There are any number of events generally recognized in modern audio that contradict the assumption that humans do not perceive anything above 20 kHz. Take, for example, sound image localization. If the equipment is excellent, we can perceive three-dimensional sound image localization with two speakers. I don’t believe that! If you are one of those who say, “I’m sorry,” there is no need to read any further. It is true that some people do not feel it, but it is also true that some people do. Assuming that “humans cannot hear above 20 kHz, so it is not necessary” is correct, it is impossible to explain the three-dimensional localization of the sound image itself. This is because the phase difference required to produce a finely spread sound image localization, when converted into frequency, far exceeds 20 kHz.

Sound Difference by Clock Generator

This is also a fairly well-known phenomenon. It is becoming common knowledge that the difference in sound quality with a 10 MHz clock generator is very large in today’s audio. This is exactly what we are talking about when it comes to the time axis. As I have said before, sound is made up of only an amplitude axis and a time axis. The reference for the amplitude axis is GND, and the reference for the time axis is the clock signal. The clock signal controls half of the sound. So it is no surprise that it has a significant effect on sound. However, it has no effect on the results of measurements made with the frequency brain. No matter how much jitter (time fluctuation) there is in the clock signal, as long as the period is correct, the time fluctuation is averaged out and makes no difference.
Thinking about clock generators is a chance to break free from the frequency brain. It is a proof that humans can perceive minute behaviors of 10MHz, not 20kHz.
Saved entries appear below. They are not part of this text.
(* Let $n\ge1$, $k\ge2$, $\gamma=((i_1\,j_1),\dots,(i_k\,j_k))\in\Sigma_n(k)$ and $l\in\{1,\dots,k-1\}$. Then $\sigma_l\cdot\gamma\in\Sigma_n(k)$ and $P(\sigma_l\cdot\gamma)=\sigma_l\cdot P(\gamma)$. Moreover, writing $\sigma_l\cdot\gamma=((i_{\sigma_l^{-1}(1)}\,\tilde j_1),\dots,(i_{\sigma_l^{-1}(k)}\,\tilde j_k))$, one has $\bigcup_{s=1}^k\{i_s,j_s\}=\bigcup_{s=1}^k\{i_s,\tilde j_s\}$.
   Context: Let $n\ge1$. $\mathfrak S_n$ is the symmetric group on $\{1,\dots,n\}$; products are composed right to left. $\mathsf T_n$ is the set of transpositions; a transposition is always written $(i\,j)$ with $i<j$. For $\sigma\in\mathfrak S_n$, $|\sigma|=n-(\text{number of cycles of }\sigma\text{, fixed points counted})$; $\sigma_1\preccurlyeq\sigma_2$ iff $|\sigma_2|=|\sigma_1|+|\sigma_1^{-1}\sigma_2|$. $\Sigma_n(k)=\{(\tau_1,\dots,\tau_k)\in(\mathsf T_n)^k : |\tau_1\cdots\tau_k|=k,\ \tau_1\cdots\tau_k\preccurlyeq(1\,2\,\dots\,n)\}$. $P:\Sigma_n(k)\to\{1,\dots,n-1\}^k$ sends $((i_1\,j_1),\dots,(i_k\,j_k))$ to $(i_1,\dots,i_k)$. The group $\mathfrak S_k$ acts on sequences by $\pi\cdot(x_1,\dots,x_k)=(x_{\pi^{-1}(1)},\dots,x_{\pi^{-1}(k)})$. Let $\sigma_l=(l\;l+1)\in\mathfrak S_k$. For $(g_1,\dots,g_k)\in(\mathsf T_n)^k$ define $\beta_l\cdot(g_1,\dots,g_k)=(g_1,\dots,g_{l-1},g_{l+1},g_{l+1}^{-1}g_lg_{l+1},g_{l+2},\dots,g_k)$ and $\beta_l^{-1}\cdot(g_1,\dots,g_k)=(g_1,\dots,g_{l-1},g_lg_{l+1}g_l^{-1},g_l,g_{l+2},\dots,g_k)$. For $\gamma=((i_1\,j_1),\dots,(i_k\,j_k))\in\Sigma_n(k)$ define $\sigma_l\cdot\gamma=\gamma$ if $i_l=i_{l+1}$, $\sigma_l\cdot\gamma=\beta_l\cdot\gamma$ if $i_l<i_{l+1}$, and $\sigma_l\cdot\gamma=\beta_l^{-1}\cdot\gamma$ if $i_l>i_{l+1}$. *)

(* Points {1..n} are encoded 0-based as 'I_n. *)
From HB Require Import structures.
From mathcomp Require Import all_boot all_order all_fingroup.
Set Implicit Arguments. Unset Strict Implicit. Unset Printing Implicit Defensive.

Local Open Scope group_scope.

(* Paper product tau_1 ... tau_k, composed right to left:
   (tau_1 ... tau_k)(x) = tau_1(... tau_k(x)).  In MathComp, (s * t) x = t (s x),
   so the paper product is tau_k * ... * tau_1. *)
Fixpoint pprod n (s : seq {perm 'I_n}) : {perm 'I_n} :=
  if s is t :: s' then pprod s' * t else 1.

(* paper composition  a b  (apply b first, then a) *)
Definition pcomp n (a b : {perm 'I_n}) : {perm 'I_n} := b * a.

(* |sigma| = n - number of cycles (fixed points counted) *)
Definition plen n (s : {perm 'I_n}) : nat := n - #|porbits s|.

Definition pleq n (s1 s2 : {perm 'I_n}) : Prop :=
  plen s2 = plen s1 + plen (pcomp s1^-1 s2).

(* the long cycle (1 2 ... n): i |-> i+1 mod n (0-based) *)
Definition longcycle n : {perm 'I_n} := perm (@ordS_inj n).

Definition is_transp n (t : {perm 'I_n}) : bool :=
  [exists i : 'I_n, exists j : 'I_n, (i < j)%N && (t == tperm i j)].

Definition Sigma n k (g : seq {perm 'I_n}) : Prop :=
  [/\ size g = k, all (@is_transp n) g, plen (pprod g) = k
    & pleq (pprod g) (longcycle n)].

(* for a transposition (i j), i < j : tmin = i, tmax = j (as naturals) *)
Definition tmin n (t : {perm 'I_n}) : nat :=
  head 0%N [seq val x | x <- enum 'I_n & t x != x].
Definition tmax n (t : {perm 'I_n}) : nat :=
  last 0%N [seq val x | x <- enum 'I_n & t x != x].

Definition P n (g : seq {perm 'I_n}) : seq nat := [seq tmin t | t <- g].

Definition sact T (x0 : T) k (pi : {perm 'I_k}) (s : seq T) : seq T :=
  [seq nth x0 s (pi^-1 i) | i <- enum 'I_k].

(* braid generators beta_l, beta_l^{-1} (l 0-based: acts on positions l, l+1) *)
Definition beta n (l : nat) (g : seq {perm 'I_n}) : seq {perm 'I_n} :=
  let gl := nth 1 g l in let gl1 := nth 1 g l.+1 in
  take l g ++ [:: gl1; pcomp (pcomp gl1^-1 gl) gl1] ++ drop l.+2 g.
Definition betainv n (l : nat) (g : seq {perm 'I_n}) : seq {perm 'I_n} :=
  let gl := nth 1 g l in let gl1 := nth 1 g l.+1 in
  take l g ++ [:: pcomp (pcomp gl gl1) gl^-1; gl] ++ drop l.+2 g.

Definition sigact n (l : nat) (g : seq {perm 'I_n}) : seq {perm 'I_n} :=
  let il := tmin (nth 1 g l) in let il1 := tmin (nth 1 g l.+1) in
  if il == il1 then g else if (il < il1)%N then beta l g else betainv l g.

(* the set  U_s {i_s, j_s}  as a membership predicate on nat *)
Definition tsupp n (g : seq {perm 'I_n}) : seq nat :=
  flatten [seq [:: tmin t; tmax t] | t <- g].

From Pilot Require Import Defs.
From mathcomp Require Import all_boot all_order all_fingroup.
From mathcomp Require Import zify.
Set Implicit Arguments. Unset Strict Implicit. Unset Printing Implicit Defensive.

(* The move sigma_l only touches the adjacent entries X = (u v) and Y = (c d)
   at positions l and l+1 of gamma = pre ++ X :: Y :: post: it replaces them
   by a pair (X', Y') -- (X, Y) itself, (Y, Y X Y^-1) for beta_l, or
   (X^-1 Y X, X) for beta_l^-1 -- with three local properties, gathered in the
   record hurwitz_pair:
   - X', Y' are transpositions with the same product as X, Y, so the paper
     product tau_1 ... tau_k, hence membership in Sigma_n(k), is unchanged;
   - the smaller points are exchanged (tmin X' = tmin Y, tmin Y' = tmin X),
     which gives P(sigma_l.gamma) = sigma_l.P(gamma);
   - the union of the supports {u, v, c, d} is unchanged.
   The first section proves the facts about transpositions behind this: the
   exchange of the smaller points comes from the fact that conjugating (u v)
   by (c d) with u < c fixes u and sends v above u. *)

Local Open Scope group_scope.

Section Transpositions.
Variable n : nat.
Implicit Types (u v c d : 'I_n) (t : {perm 'I_n}).

Lemma ord_ltn_neq u v : (u < v)%N -> u != v.
Proof. by move=> lt_uv; rewrite -(inj_eq val_inj) neq_ltn lt_uv. Qed.

Lemma moved_tperm u v : (u < v)%N ->
  [seq val y | y <- enum 'I_n & tperm u v y != y] = [:: val u; val v].
Proof.
move=> lt_uv; have neq_uv := ord_ltn_neq lt_uv.
have sorted_moved : sorted ltn [seq val y | y <- enum 'I_n & tperm u v y != y].
  apply: (@subseq_sorted _ _ ltn_trans _ [seq val y | y <- enum 'I_n]).
    exact/map_subseq/filter_subseq.
  by rewrite val_enum_ord iota_ltn_sorted.
apply: (irr_sorted_eq ltn_trans ltnn sorted_moved); first by rewrite /= andbT.
move=> x; rewrite !inE; apply/mapP/idP => [[y]|/orP[]/eqP->].
- rewrite mem_filter; case: tpermP => [->|->|_ _]; rewrite ?eqxx //.
  + by move=> _ ->; rewrite eqxx.
  + by move=> _ ->; rewrite eqxx orbT.
- by exists u; rewrite // mem_filter tpermL eq_sym neq_uv mem_enum.
- by exists v; rewrite // mem_filter tpermR neq_uv mem_enum.
Qed.

Lemma tmin_tperm u v : (u < v)%N -> tmin (tperm u v) = u.
Proof. by move=> lt_uv; rewrite /tmin moved_tperm. Qed.

Lemma tmax_tperm u v : (u < v)%N -> tmax (tperm u v) = v.
Proof. by move=> lt_uv; rewrite /tmax moved_tperm. Qed.

Lemma is_transpP t : is_transp t -> exists u v, (u < v)%N /\ t = tperm u v.
Proof. by case/existsP=> u /existsP [v /andP [lt_uv /eqP ->]]; exists u, v. Qed.

Lemma is_transp_tperm u v : u != v -> is_transp (tperm u v).
Proof.
rewrite -(inj_eq val_inj) neq_ltn => /orP [] lt; apply/existsP.
- by exists u; apply/existsP; exists v; rewrite lt eqxx.
- by exists v; apply/existsP; exists u; rewrite lt tpermC eqxx.
Qed.

Lemma is_transp_conj t s : is_transp t -> is_transp s -> is_transp (t ^ s).
Proof.
case/is_transpP=> u [v [lt_uv ->]] _; rewrite tpermJ.
by apply: is_transp_tperm; rewrite (inj_eq perm_inj) ord_ltn_neq.
Qed.

Lemma tmin_conj u v c d : (u < v)%N -> (c < d)%N -> (u < c)%N ->
  tmin (tperm u v ^ tperm c d) = u.
Proof.
move=> lt_uv lt_cd lt_uc; rewrite tpermJ.
have -> : tperm c d u = u.
  by apply: tpermD; apply/eqP => eq_u; move: lt_uc lt_cd; rewrite eq_u; lia.
by apply: tmin_tperm; case: tpermP => [_|_|_ _]; lia.
Qed.

(* Conjugation by (c d) does not change the union {c, d} U {u, v}: a point
   outside {c, d} is fixed by (c d), so it equals (c d) u iff it equals u. *)
Lemma mem_conj_support u v c d :
  [:: c; d; tperm c d u; tperm c d v] =i [:: u; v; c; d].
Proof.
move=> z; rewrite !inE; case: (tpermP c d z) => [->|->|/eqP ncz /eqP ndz].
- by rewrite eqxx !orbT.
- by rewrite eqxx !orbT.
have tz : tperm c d z = z by apply: tpermD; rewrite eq_sym.
by rewrite (negbTE ncz) (negbTE ndz) -{1 2}tz !(inj_eq perm_inj) !orbF.
Qed.

Lemma mem_tminmax u v : u != v ->
  [:: tmin (tperm u v); tmax (tperm u v)] =i [:: val u; val v].
Proof.
move=> neq_uv x; rewrite !inE; case: (ltngtP u v) => [lt_uv|lt_vu|eq_uv].
- by rewrite tmin_tperm ?tmax_tperm.
- by rewrite tpermC tmin_tperm ?tmax_tperm // orbC.
- by move: neq_uv; rewrite (val_inj eq_uv) eqxx.
Qed.

Lemma tsupp_pair_cat (X Y : {perm 'I_n}) :
  tsupp [:: X; Y] = [:: tmin X; tmax X] ++ [:: tmin Y; tmax Y].
Proof. by []. Qed.

Lemma tsupp_pairC (X Y : {perm 'I_n}) : tsupp [:: X; Y] =i tsupp [:: Y; X].
Proof. by move=> x; rewrite !tsupp_pair_cat !mem_cat orbC. Qed.

(* Replacing (X, Y) by (Y, X^Y) does not change the support; this covers
   beta_l, and beta_l^-1 after exchanging the roles of X and Y. *)
Lemma tsupp_conj (X Y : {perm 'I_n}) : is_transp X -> is_transp Y ->
  tsupp [:: X; Y] =i tsupp [:: Y; X ^ Y].
Proof.
case/is_transpP=> u [v [lt_uv ->]] /is_transpP [c [d [lt_cd ->]]] x.
have neq_uv := ord_ltn_neq lt_uv; have neq_cd := ord_ltn_neq lt_cd.
have neq_t : tperm c d u != tperm c d v by rewrite (inj_eq perm_inj).
rewrite tpermJ !tsupp_pair_cat !mem_cat !mem_tminmax //.
rewrite -!mem_cat -!/(map val [:: _; _]) -!map_cat.
by rewrite (eq_mem_map _ (mem_conj_support u v c d)).
Qed.

End Transpositions.

Definition sigma_pair n (X Y : {perm 'I_n}) : {perm 'I_n} * {perm 'I_n} :=
  if tmin X == tmin Y then (X, Y)
  else if (tmin X < tmin Y)%N then (Y, X ^ Y^-1) else (Y ^ X, X).

Record hurwitz_pair n (X Y X' Y' : {perm 'I_n}) : Prop := HurwitzPair {
  hurwitz_transpl : is_transp X';
  hurwitz_transpr : is_transp Y';
  hurwitz_prod : Y' * X' = Y * X;
  hurwitz_tminl : tmin X' = tmin Y;
  hurwitz_tminr : tmin Y' = tmin X;
  hurwitz_tsupp : tsupp [:: X; Y] =i tsupp [:: X'; Y'] }.

Lemma sigma_pair_hurwitz n (X Y : {perm 'I_n}) : is_transp X -> is_transp Y ->
  hurwitz_pair X Y (sigma_pair X Y).1 (sigma_pair X Y).2.
Proof.
move=> tX tY; have [u [v [lt_uv eX]]] := is_transpP tX.
have [c [d [lt_cd eY]]] := is_transpP tY.
subst X Y; rewrite /sigma_pair !tmin_tperm //.
case: (ltngtP u c) => [lt_uc|lt_cu|/val_inj eq_uc] /=.
- rewrite tpermV; split=> //.
  + exact: is_transp_conj.
  + by rewrite conjgE tpermV -!mulgA tperm2 mulg1.
  + by rewrite tmin_conj // tmin_tperm.
  + exact: tsupp_conj.
- split=> //.
  + exact: is_transp_conj.
  + by rewrite conjgE mulgA mulgV mul1g.
  + by rewrite tmin_conj // tmin_tperm.
  + by move=> x; rewrite tsupp_pairC tsupp_conj // tsupp_pairC.
- by split=> //; rewrite !tmin_tperm // eq_uc.
Qed.

Lemma split_pair T (x0 : T) (s : seq T) l : (l.+1 < size s)%N ->
  exists pre a b post, s = pre ++ a :: b :: post /\ size pre = l.
Proof.
move=> lt_l1; exists (take l s), (nth x0 s l), (nth x0 s l.+1), (drop l.+2 s).
rewrite size_take ltnW //; split=> //.
by rewrite -(drop_nth x0) // -(drop_nth x0) ?cat_take_drop // ltnW.
Qed.

Lemma nth_pairl T (x0 : T) pre a b post : nth x0 (pre ++ a :: b :: post) (size pre) = a.
Proof. by rewrite nth_cat ltnn subnn. Qed.

Lemma nth_pairr T (x0 : T) pre a b post : nth x0 (pre ++ a :: b :: post) (size pre).+1 = b.
Proof. by rewrite nth_cat ltnNge leqnSn subSnn. Qed.

Lemma nth_swap T (x0 : T) pre a b post i : i != size pre -> i != (size pre).+1 ->
  nth x0 (pre ++ a :: b :: post) i = nth x0 (pre ++ b :: a :: post) i.
Proof.
move=> neq_l neq_l1; rewrite !nth_cat; case: ltnP => // le_pre.
by case: (i - size pre) (subnKC le_pre) => [|[|m]] //= eq_i; move: neq_l neq_l1; lia.
Qed.

Lemma sact_swap T (x0 : T) k (l : 'I_k) (hl : (l.+1 < k)%N) pre a b post :
  size pre = l -> size (pre ++ a :: b :: post) = k ->
  sact x0 (tperm l (Ordinal hl)) (pre ++ a :: b :: post) = pre ++ b :: a :: post.
Proof.
move=> size_pre size_s; apply: (eq_from_nth (x0 := x0)).
  by rewrite size_map size_enum_ord -size_s !size_cat.
move=> i; rewrite size_map size_enum_ord => lt_ik.
rewrite (nth_map l) ?size_enum_ord // tpermV.
have := nth_enum_ord l lt_ik; set j := nth l (enum 'I_k) i => <-.
case: tpermP => [->|->|/eqP neq_l /eqP neq_l1] /=; rewrite -?size_pre ?nth_pairl ?nth_pairr //.
by rewrite nth_swap // size_pre; [move: neq_l | move: neq_l1];
  apply: contra => /eqP eq_j; apply/eqP/val_inj.
Qed.

Section Sequences.
Variable n : nat.
Implicit Types (a b pre post : seq {perm 'I_n}) (X Y : {perm 'I_n}).

Lemma pprod_cat a b : Defs.pprod (a ++ b) = Defs.pprod b * Defs.pprod a.
Proof. by elim: a => [|x a IHa] /=; rewrite ?mulg1 // IHa mulgA. Qed.

Lemma tsupp_cat a b : tsupp (a ++ b) = tsupp a ++ tsupp b.
Proof. by rewrite /tsupp map_cat flatten_cat. Qed.

Lemma pprod_replace pre post X Y (X' Y' : {perm 'I_n}) : hurwitz_pair X Y X' Y' ->
  Defs.pprod (pre ++ X' :: Y' :: post) = Defs.pprod (pre ++ X :: Y :: post).
Proof.
case=> _ _ prodXY _ _ _.
by rewrite !pprod_cat /= -!mulgA (mulgA Y) (mulgA Y') prodXY.
Qed.

Lemma Sigma_replace k pre post X Y (X' Y' : {perm 'I_n}) : hurwitz_pair X Y X' Y' ->
  Sigma k (pre ++ X :: Y :: post) -> Sigma k (pre ++ X' :: Y' :: post).
Proof.
move=> hXY [size_g all_transp len_g below_c]; have [tX' tY' _ _ _ _] := hXY.
have eq_prod := pprod_replace pre post hXY.
split; rewrite ?eq_prod //; first by rewrite -size_g !size_cat.
by move: all_transp; rewrite !all_cat /= tX' tY' => /andP [-> /and3P [_ _ ->]].
Qed.

Lemma P_replace k (l : 'I_k) (hl : (l.+1 < k)%N) pre post X Y (X' Y' : {perm 'I_n}) :
  hurwitz_pair X Y X' Y' -> size pre = l -> size (pre ++ X :: Y :: post) = k ->
  P (pre ++ X' :: Y' :: post) = sact 0%N (tperm l (Ordinal hl)) (P (pre ++ X :: Y :: post)).
Proof.
case=> _ _ _ tminX' tminY' _ size_pre size_g.
rewrite /P !map_cat /= sact_swap ?size_map ?tminX' ?tminY' //.
by rewrite size_cat /= !size_map -size_g size_cat.
Qed.

Lemma tsupp_replace pre post X Y (X' Y' : {perm 'I_n}) : hurwitz_pair X Y X' Y' ->
  tsupp (pre ++ X :: Y :: post) =i tsupp (pre ++ X' :: Y' :: post).
Proof.
case=> _ _ _ _ _ tsuppXY x.
have tsupp_pair_post A B : tsupp (A :: B :: post) = tsupp [:: A; B] ++ tsupp post by [].
rewrite !(tsupp_cat pre) (tsupp_pair_post X) (tsupp_pair_post X') !(mem_cat x (tsupp pre)).
by rewrite (mem_cat x (tsupp [:: X; Y])) (mem_cat x (tsupp [:: X'; Y'])) tsuppXY.
Qed.

End Sequences.

Lemma sigact_cat n (pre post : seq {perm 'I_n}) X Y :
  sigact (size pre) (pre ++ X :: Y :: post) =
  pre ++ (sigma_pair X Y).1 :: (sigma_pair X Y).2 :: post.
Proof.
have drop_post : drop (size pre).+2 (pre ++ X :: Y :: post) = post.
  by rewrite -addn2 addnC -drop_drop drop_size_cat //= drop0.
rewrite /sigact /beta /betainv /sigma_pair /Defs.pcomp !nth_pairl !nth_pairr.
rewrite take_size_cat // drop_post.
by case: ifP => // _; case: ifP => _; rewrite conjgE ?invgK mulgA.
Qed.

Theorem lemma4p1 (n k : nat) (g : seq {perm 'I_n}) (l : 'I_k) (hl : (l.+1 < k)%N) :
  (1 <= n)%N -> (2 <= k)%N -> Sigma k g ->
  let sl : {perm 'I_k} := tperm l (Ordinal hl) in
  [/\ Sigma k (sigact l g),
      P (sigact l g) = sact 0%N sl (P g)
    & forall x : nat, (x \in tsupp g) = (x \in tsupp (sigact l g))].
Proof.
move=> _ _ Sg sl; rewrite {}/sl.
have [size_g all_transp _ _] := Sg.
have lt_l1 : (l.+1 < size g)%N by rewrite size_g.
have [pre [X [Y [post [eq_g size_pre]]]]] := split_pair 1 lt_l1; subst g.
move: all_transp; rewrite all_cat /= => /and3P [_ tX /andP [tY _]].
have hurwitzXY := sigma_pair_hurwitz tX tY.
have -> : sigact l (pre ++ X :: Y :: post) =
    pre ++ (sigma_pair X Y).1 :: (sigma_pair X Y).2 :: post by rewrite -size_pre sigact_cat.
split.
- exact: Sigma_replace hurwitzXY Sg.
- by apply: P_replace; rewrite ?size_g.
- exact: tsupp_replace.
Qed.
LPF (Low Pass Filter) Experiment

This is an easy experiment. For example, the analog amplifier stage of the D-2 or S-3 is basically flat, but it has a built-in LPF that attenuates by 8 dB at 100 kHz and can be switched between through and through with a switch. The LPF is a simple construction with a mechanical relay to turn the capacitor on and off, and it has no effect on the audible band below 20 kHz. However, anyone can recognize the difference. The LPF has been removed from the S-3 Reference and D-3. We removed the LPF from the S-3 Reference and D-3 because, of course, it is better to have no LPF in terms of sound quality.

Ferrite core experiment

The experiment of inserting a ferrite core, which attenuates at 10 MHz or higher, into a line cable or speaker cable is simple. Simply snap it into place and conduct the experiment. If the equipment is excellent, there are few people who do not feel a change in sound, whether good or bad. This proves that humans can sense changes in signal waveforms at 10 MHz. Whether the cause is the reduction of high-frequency noise or the dulling of the signal waveform, the difference can be felt. I believe that a proper blind experiment would yield a useful difference. However, you need good equipment and good testers. It is impossible for someone who has never eaten sushi to do a sushi comparison.
Can you hear above 20 kHz? The various experiments that have been conducted in the past on the subject are full of intrusions, such as super-tweeter experiments that ignore waveform synthesis, and experiments with random people. These are also the work of the frequency brain.
In the next article, I will finally explain how static performance and dynamic performance become a trade-off relationship from a certain level. In other words, why raising Static performance more than necessary degrades Dynamic performance.